Glieck has been stripped of his ethics position, may lose his position in the Institute he founded, and may face charges for identity theft and wire fraud. The acts of a desperate charlatan who is seeing the basis of his grant funding slipping away.
The scientist who exposed the inner workings of the ultra-conservative Heartland Institute, triggering the defection of key donors, has been reinstated after an investigation.
Peter Gleick, who impersonated a Heartland board member to obtain and make public confidential budget and strategy documents, was restored to his position as president of the Pacific Institute, the organisation announced on its website.
The Pacific Institute indicated in the statement that it had found no evidence for Heartland's charges that Gleick had forged one of several documents he released last February.
[Edit for concision. --DJW001]
There was no immediate response from Heartland. But the organisation has taken a big hit since Gleick's revelations – although much of the damage was done by its own combattive response to the sting.

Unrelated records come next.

(* Block diagonal and commuting with [Ups p n] = [selm s], entrywise:
   [(Ups A) i k = A (s i) k], while [(A Ups) i k] is [A i l] when [k = s l]
   and [0] when [k] starts its block. *)
Definition shift_comm (A : smat R) :=
  [/\ forall i k, blk k <> blk i -> A i k = 0,
      forall i k, A (s i) (s k) = A i k &
      forall i k, blk k = blk i -> kk k = 0 -> A (s i) k = 0].

Lemma cidx_notin_cblk a N : (forall c, cidx p n a c != N) -> blk N <> a.
Proof. by move=> notin ea; move: (notin (kk N)); rewrite -ea (cidxK p_gt0 n_gt0) eqxx. Qed.

(* Entrywise form of [Ups (A B) = A (Ups B)]: both series are reindexed along the block
   of [i], on which [s] acts as the successor. *)
Lemma mmul_cshift_row (A B B' : smat R) i j j' : shift_comm A ->
  (forall m, B (s m) j = B' m j') -> mmul A B (s i) j = mmul A B' i j'.
Proof.
move=> [A_blk A_s A_start] BB'.
have ap : (cblk p n i < p)%N := cblk_lt p_gt0 n_gt0 i.
set a := cblk p n i in ap *; set idx := cidx p n a.
have idx_incr c : (idx c < idx c.+1)%N by apply: cidx_ltS.
have blk_idx c : blk (idx c) = a by apply: cblk_cidx.
have kk_idx c : kk (idx c) = c by apply: ckk_cidx.
have s_idx c : s (idx c) = idx c.+1 by apply: cshift_cidx.
have reindex (i' : nat) (C : smat R) l : blk i' = a ->
    mmul A C i' l = limn (fun N => \sum_(c < N) A i' (idx c) * C (idx c) l).
  move=> i'a; rewrite /mmul.
  apply: (limn_series_reindex idx_incr (u := fun c => A i' (idx c) * C (idx c) l)
    (v := fun m => A i' m * C m l)) => // N.
  by move=> N_out; rewrite A_blk ?mul0r // i'a; apply: cidx_notin_cblk N_out.
rewrite (reindex _ _ _ (cblk_cshift p_gt0 n_gt0 i)) (reindex i) //.
rewrite -[LHS]limn_shiftS; congr (limn _); apply/funext => N.
rewrite big_ord_recl A_start ?mul0r ?add0r //.
by apply: eq_bigr => c _; rewrite /bump /= -s_idx A_s BB'.
Qed.

Lemma shift_comm_entrywise (I : Type) (F : I -> smat R) (Phi : (I -> R) -> R) (B : smat R) :
  (forall x, shift_comm (F x)) -> Phi (fun _ => 0) = 0 ->
  (forall i k, B i k = Phi (fun x => F x i k)) -> shift_comm B.
Proof.
move=> F_comm Phi0 BF; split=> [i k blk_ik|i k|i k blk_ik kk0].
- rewrite BF -Phi0; congr Phi; apply/funext => x.
  by have [F_blk _ _] := F_comm x; apply: F_blk.
- rewrite !BF; congr Phi; apply/funext => x.
  by have [_ F_s _] := F_comm x; apply: F_s.
- rewrite BF -Phi0; congr Phi; apply/funext => x.
  by have [_ _ F_start] := F_comm x; apply: F_start.
Qed.

Lemma shift_comm_idm : shift_comm (idm R).
Proof.
split=> [i k blk_ik|i k|i k _ kk0]; rewrite /idm.
- by case: eqP => // ik; rewrite ik in blk_ik.
- by rewrite (inj_eq (cshift_inj p_gt0 n_gt0)).
- by case: eqP => // sik; move: kk0; rewrite -sik ckk_cshift.
Qed.

Lemma shift_comm_mmul (A B : smat R) : shift_comm A -> shift_comm B -> shift_comm (mmul A B).
Proof.
move=> A_comm B_comm; have [A_blk _ A_start] := A_comm; have [B_blk _ B_start] := B_comm.
split=> [i k blk_ik|i k|i k blk_ik kk0].
- apply: (limn_series_eq0 (a := fun m => A i m * B m k)) => m.
  case: (eqVneq (blk m) (blk i)) => [mi|/eqP mi]; last by rewrite A_blk ?mul0r.
  by rewrite B_blk ?mulr0 // mi.
- by apply: mmul_cshift_row => // m; case: B_comm.
- apply: (limn_series_eq0 (a := fun m => A (s i) m * B m k)) => m.
  case: (eqVneq (blk m) (blk i)) => [mi|/eqP mi]; last first.
    by rewrite A_blk ?mul0r // cblk_cshift.
  have [kkm0|kkm_gt0] := posnP (kk m); first by rewrite A_start ?mul0r.
  have -> : m = s (cidx p n (blk i) (kk m).-1).
    by rewrite cshift_cidx ?cblk_lt // prednK // -mi cidxK.
  by rewrite B_start ?mulr0 // cblk_cidx ?cblk_lt // blk_ik.
Qed.

Lemma shift_comm_mpow (A : smat R) j : shift_comm A -> shift_comm (mpow A j).
Proof. by move=> A_comm; elim: j => [|j IH]; [exact: shift_comm_idm|exact: shift_comm_mmul]. Qed.

Lemma shift_comm_trm_mpow (A : smat R) j : shift_comm (trm A) -> shift_comm (trm (mpow A j)).
Proof.
move=> A_comm; elim: j => [|j IH]; first by rewrite /= trm_idm; apply: shift_comm_idm.
by rewrite mpowS trm_mmul; apply: shift_comm_mmul.
Qed.

Lemma shift_comm_mopp (A : smat R) : shift_comm A -> shift_comm (mopp A).
Proof.
move=> A_comm; apply: (@shift_comm_entrywise unit (fun=> A) (fun F => - F tt)) => //.
exact: oppr0.
Qed.

Lemma shift_comm_exp_series (G : nat -> smat R) : (forall m, shift_comm (G m)) ->
  shift_comm (fun i k => limn (fun N => \sum_(m < N) G m i k / (m`!)%:R)).
Proof.
move=> G_comm; apply: (@shift_comm_entrywise _ G
  (fun F => limn (fun N => \sum_(m < N) F m / (m`!)%:R)) _ G_comm) => //.
by apply: (limn_series_eq0 (a := fun m => 0 / (m`!)%:R)) => m; rewrite mul0r.
Qed.

Lemma shift_comm_flow_series (G : nat -> nat -> smat R) (t : nat -> nat -> R) :
  (forall a j, shift_comm (G a j)) ->
  shift_comm (fun i k => \sum_(a < p) limn (fun N => \sum_(j < N) t a j.+1 * G a j.+1 i k)).
Proof.
move=> G_comm; apply: (@shift_comm_entrywise _ (fun x : nat * nat => G x.1 x.2.+1)
  (fun F => \sum_(a < p) limn (fun N => \sum_(j < N) t a j.+1 * F (nat_of_ord a, nat_of_ord j))))
  => //=.
apply: big1 => a _.
by apply: (limn_series_eq0 (a := fun j => t a j.+1 * 0)) => j; rewrite mulr0.
Qed.

End ShiftCommuting.

Section LambdaMatrices.
Variable R : realType.
Variables (p : nat) (n : nat -> nat).
Hypothesis p_gt0 : (0 < p)%N.
Hypothesis n_gt0 : forall a, (a < p)%N -> (0 < n a)%N.

Local Notation blk := (cblk p n).
Local Notation kk := (ckk p n).
Local Notation s := (cshift p n).

Lemma Lam_cshift a i k : Lam R p n a i k = ((blk i == a) && (k == s i))%:R.
Proof.
rewrite /Lam; congr ((nat_of_bool _)%:R); case: (eqVneq (blk i) a) => //= ia.
case: (eqVneq k (s i)) => [->|k_si]; first by rewrite cblk_cshift // ckk_cshift // ia !eqxx.
apply: negbTE; apply: contra k_si => /andP[/eqP ka /eqP kk_k].
apply/eqP; apply: (cblk_ckk_inj p_gt0 n_gt0); first by rewrite cblk_cshift // ka.
by rewrite ckk_cshift.
Qed.

Lemma Ups_selm : Ups R p n = selm R s.
Proof.
apply/funext => i; apply/funext => k; rewrite /Ups.
under eq_bigr => a _ do rewrite Lam_cshift.
rewrite (bigD1 (Ordinal (cblk_lt p_gt0 n_gt0 i))) //= eqxx big1 ?addr0 // => a ia.
suff -> : (blk i == a) = false by [].
by apply/negbTE; apply: contra ia => /eqP ia; apply/eqP/val_inj.
Qed.

Lemma rowfin_Lam a : rowfin (Lam R p n a).
Proof.
move=> i; exists (s i).+1 => k si_k; rewrite Lam_cshift.
by case: (eqVneq k (s i)) si_k => [->|]; rewrite ?ltnn ?andbF.
Qed.

Lemma rowfin_Ups : rowfin (Ups R p n).
Proof. by rewrite Ups_selm; apply: rowfin_selm. Qed.

Lemma Lam_orthogonal : orthogonal_family (Lam R p n) p.
Proof.
move=> a b _ _ ab; apply/funext => i; apply/funext => k.
rewrite (mmul_row_bound (K := (s i).+1)) => [|m si_m]; last first.
  by rewrite Lam_cshift; case: (eqVneq m (s i)) si_m => [->|]; rewrite ?ltnn ?andbF.
rewrite big_ord_recr big1 /= => [|m _]; last first.
  by rewrite Lam_cshift (ltn_eqF (ltn_ord m)) andbF mul0r.
rewrite add0r !Lam_cshift cblk_cshift //.
case: (eqVneq (blk i) a) => [ia|_]; last by rewrite mul0r.
by rewrite -ia in ab; rewrite (negbTE ab) mulr0.
Qed.

Lemma mvec_Ups_chi a (x : R) : mvec (Ups R p n) (chi p n a x) = (fun i => x * chi p n a x i).
Proof.
apply/funext => i; rewrite Ups_selm mvec_selm /chi cblk_cshift // ckk_cshift //.
by case: eqP; rewrite ?exprS ?mulr0.
Qed.

Lemma shift_comm_Lam a : shift_comm p n (Lam R p n a).
Proof.
split=> [i k blk_ik|i k|i k _ kk0]; rewrite !Lam_cshift.
- case: (eqVneq k (s i)) => [ki|]; rewrite ?andbF //.
  by case: blk_ik; rewrite ki cblk_cshift.
- by rewrite cblk_cshift // (inj_eq (cshift_inj p_gt0 n_gt0)).
- case: (eqVneq k (s (s i))) => [ki|]; rewrite ?andbF //.
  by move: kk0; rewrite ki ckk_cshift.
Qed.

Lemma shift_comm_W0 (t : nat -> nat -> R) : shift_comm p n (W0 p n t).
Proof.
apply: shift_comm_exp_series => m; apply: shift_comm_mpow => //.
apply: (@shift_comm_flow_series _ _ _ (fun a => mpow (Lam R p n a))) => a j.
by apply: shift_comm_mpow => //; apply: shift_comm_Lam.
Qed.

Lemma shift_comm_trm_Wb0inv (t : nat -> nat -> R) : shift_comm p n (trm (Wb0inv p n t)).
Proof.
pose F := tflow p (fun b => trm (Lam R p n b)) t.
apply: (@shift_comm_exp_series _ _ _ (fun m => trm (mpow (mopp F) m))) => m.
apply: shift_comm_trm_mpow => //; apply: (@shift_comm_mopp _ _ _ (trm F)).
apply: (@shift_comm_flow_series _ _ _ (fun b j => trm (mpow (trm (Lam R p n b)) j))) => b j.
by apply: shift_comm_trm_mpow => //; apply: shift_comm_Lam.
Qed.

End LambdaMatrices.

Section Hankel.
Variable R : realType.
Variables (p1 p2 : nat) (n1 n2 : nat -> nat).
Hypotheses (p1_gt0 : (0 < p1)%N) (p2_gt0 : (0 < p2)%N).
Hypothesis n1_gt0 : forall a, (a < p1)%N -> (0 < n1 a)%N.
Hypothesis n2_gt0 : forall b, (b < p2)%N -> (0 < n2 b)%N.

Local Notation s1 := (cshift p1 n1).
Local Notation s2 := (cshift p2 n2).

The documents released by Gleick exposed Heartland's donors' list – which it had kept private – as well as a plan to spread misinformation about climate change in schools. The ultra-conservative organisation immediately moved to capitalise on the media exposure, setting up a website which it called "Fakegate" and using Gleick's image to sell $22.49 coffee mugs.
But when Heartland promoted the climate conference by taking out a billboard comparing believers in climate change to psychopaths like the Unabomber Ted Kaczynski, a run in donors, which had been relatively modest immediately after Gleick's exposé, spiked dramatically. Two board members resigned, almost all of those based in its Washington DC office quit, and a number of Heartland allies publicly chided the organisation and dropped out of last month's conference.